**Required action**. Please reproduce the data in full, exactly as it stands.

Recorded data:
== Segment start ==
Theorem proposition4p2 (C : numClosedFieldType) (N : nat)
  (W : 'M[C]_N) (b : 'cV[C]_N) (U : 'M[C]_N) (Lam : 'rV[C]_N) :
  W ^t* = W ->
  (forall v : 'cV[C]_N, v != 0 -> 0 < (v ^t* *m W *m v) 0 0) ->
  norm2sq b = 1 ->
  U \is unitarymx ->
  W = U *m diag_mx Lam *m U ^t* ->
  forall (k : nat) (x : 'cV[C]_N) (p : nat -> {poly C}),
    is_minres_iterate W b k x ->
    is_orthonormal_family (spec_nodes Lam) (spec_weights U b) k.+1 p ->
    let lam := spec_nodes Lam in
    let om := spec_weights U b in
    let bn := rec_b lam om p in
    let pim := monic_op p in
    let r := b - W *m x in
    norm2sq r = 1 / \sum_(j < k.+1) (p j).[0] ^+ 2 /\
    norm2sq r = 1 / (bn k * ((p k.+1)^`().[0] * (p k).[0]
                             - (p k)^`().[0] * (p k.+1).[0])) /\
    norm2sq r = (\prod_(j < k) bn j ^+ 2) /
                ((pim k.+1)^`().[0] * (pim k).[0]
                 - (pim k)^`().[0] * (pim k.+1).[0]).
Proof.
move=> W_herm _ b_unit U_unitary W_spectral k x p x_minres p_on lam om bn pim r.
have lam_real := spec_nodes_real U_unitary W_spectral W_herm.
have om_ge0 j : 0 <= om j by apply: exprn_ge0.
have om_sum1 : \sum_j om j = 1 by rewrite sum_spec_weights.
have r_norm := minres_residual_norm W_herm b_unit U_unitary W_spectral
                 (leqnSn k) x_minres p_on.
rewrite /r r_norm !div1r /bn (christoffel_darboux0 lam_real om_ge0 p_on) //.
by rewrite (christoffel_darboux_monic0 lam_real om_ge0 p_on om_sum1).
Qed.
== Segment end ==
**Output below**.
Theorem proposition4p2 (C : numClosedFieldType) (N : nat)
  (W : 'M[C]_N) (b : 'cV[C]_N) (U : 'M[C]_N) (Lam : 'rV[C]_N) :
  W ^t* = W ->
  (forall v : 'cV[C]_N, v != 0 -> 0 < (v ^t* *m W *m v) 0 0) ->
  norm2sq b = 1 ->
  U \is unitarymx ->
  W = U *m diag_mx Lam *m U ^t* ->
  forall (k : nat) (x : 'cV[C]_N) (p : nat -> {poly C}),
    is_minres_iterate W b k x ->
    is_orthonormal_family (spec_nodes Lam) (spec_weights U b) k.+1 p ->
    let lam := spec_nodes Lam in
    let om := spec_weights U b in
    let bn := rec_b lam om p in
    let pim := monic_op p in
    let r := b - W *m x in
    norm2sq r = 1 / \sum_(j < k.+1) (p j).[0] ^+ 2 /\
    norm2sq r = 1 / (bn k * ((p k.+1)^`().[0] * (p k).[0]
                             - (p k)^`().[0] * (p k.+1).[0])) /\
    norm2sq r = (\prod_(j < k) bn j ^+ 2) /
                ((pim k.+1)^`().[0] * (pim k).[0]
                 - (pim k)^`().[0] * (pim k.+1).[0]).
Proof.
move=> W_herm _ b_unit U_unitary W_spectral k x p x_minres p_on lam om bn pim r.
have lam_real := spec_nodes_real U_unitary W_spectral W_herm.
have om_ge0 j : 0 <= om j by apply: exprn_ge0.
have om_sum1 : \sum_j om j = 1 by rewrite sum_spec_weights.
have r_norm := minres_residual_norm W_herm b_unit U_unitary W_spectral
                 (leqnSn k) x_minres p_on.
rewrite /r r_norm !div1r /bn (christoffel_darboux0 lam_real om_ge0 p_on) //.
by rewrite (christoffel_darboux_monic0 lam_real om_ge0 p_on om_sum1).
Qed.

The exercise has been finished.